***** DATA FOR THIS TASK *****

Theorem corollary3p5
  (G : Type) (mul : G -> G -> G) (e : G) (inv : G -> G)
  (HG : is_group mul e inv)
  (Hnonab : ~ is_abelian_op mul)
  (t : nat) (psi : 'I_t -> G -> G)
  (Hpsi_endo : forall k, is_endo mul (psi k))
  (Hpsi_der : forall k x, derived mul e inv x -> central mul (psi k x))
  (Hpsi_comm : forall k l x,
      comm_sub mul e inv (image_of (psi k)) (image_of (psi l)) x -> central mul x)
  (i j : 'I_t) (alpha beta : expr G)
  (Halpha : expr_wf mul alpha) (Hbeta : expr_wf mul beta) :
  let oi := circ mul e inv (psi i) alpha in
  let oj := circ mul e inv (psi j) beta in
  let tl := op_inv e oi in
  let bar := op_inv e oj in
  let R := fun p : G * G =>
    let '(g, h) := p in
    let u := oi (tl g) (oj g h) in (u, oj (oj (bar u) g) h) in
  let R' := fun p : G * G =>
    let '(g, h) := p in
    let u := oi (oj g h) (tl g) in (u, oj (oj (bar u) g) h) in
  (is_YBE_solution R /\ is_YBE_solution R') /\
  (non_degenerate R /\ non_degenerate R') /\
  ((forall p, R (R' p) = p) /\ (forall p, R' (R p) = p)) /\
  (involutive_sol R <-> is_abelian_op oi) /\
  (involutive_sol R -> R' = R).
Proof.
move=> oi oj tl bar R R'.
have psiZ (k l : 'I_t) (a b : G) : commZ mul inv (psi k a) (psi l b).
  apply: (commZ_commg HG); apply: (Hpsi_comm l k).
  rewrite -[Defs.commg _ _ _ _](mulg1 HG).
  by apply: cs_comm; [exists b | exists a | apply: cs_one].
pose c g := psi i (expr_act mul e inv alpha g).
pose d g := psi j (expr_act mul e inv beta g).
have c_morphZ x y := expr_act_morphZ HG x y (Hpsi_endo i) (psiZ i i) Halpha.
have d_morphZ x y := expr_act_morphZ HG x y (Hpsi_endo j) (psiZ j j) Hbeta.
have c_commZ x y : commZ mul inv (c x) (c y) := psiZ i i _ _.
have d_commZ x y : commZ mul inv (d x) (d y) := psiZ j j _ _.
have dc_commZ x y : commZ mul inv (d x) (c y) := psiZ j i _ _.
have Gi : is_group oi e tl := is_group_op_inv (is_group_twist HG c_morphZ c_commZ).
have Gj : is_group oj e bar := is_group_op_inv (is_group_twist HG d_morphZ d_commZ).
have Hb : brace_law oi tl oj := twist_brace_law HG c_morphZ c_commZ dc_commZ.
have Gi' := is_group_rev Gi; have Hb' := brace_law_rev Gi Hb.
split; [split | split; [split | split; [split | split]]].
- exact: brace_sol_ybe Gi Gj Hb.
- exact: brace_sol_ybe Gi' Gj Hb'.
- exact: brace_sol_nondeg Gi Gj Hb.
- exact: brace_sol_nondeg Gi' Gj Hb'.
- exact: brace_sol_revK Gi Gj.
- exact: brace_solK Gi Gj.
- exact: brace_sol_involutive Gi Gj.
- exact: brace_sol_rev_involutive Gi Gj.
Qed.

*****

WORK INSTRUCTION
Repeat, exactly as they stand above, the lines from the line with "(t : nat) (psi : 'I_t -> G -> G)" to the line with "let tl := op_inv e oi in", both lines included.

TASK SOLUTION
  (t : nat) (psi : 'I_t -> G -> G)
  (Hpsi_endo : forall k, is_endo mul (psi k))
  (Hpsi_der : forall k x, derived mul e inv x -> central mul (psi k x))
  (Hpsi_comm : forall k l x,
      comm_sub mul e inv (image_of (psi k)) (image_of (psi l)) x -> central mul x)
  (i j : 'I_t) (alpha beta : expr G)
  (Halpha : expr_wf mul alpha) (Hbeta : expr_wf mul beta) :
  let oi := circ mul e inv (psi i) alpha in
  let oj := circ mul e inv (psi j) beta in
  let tl := op_inv e oi in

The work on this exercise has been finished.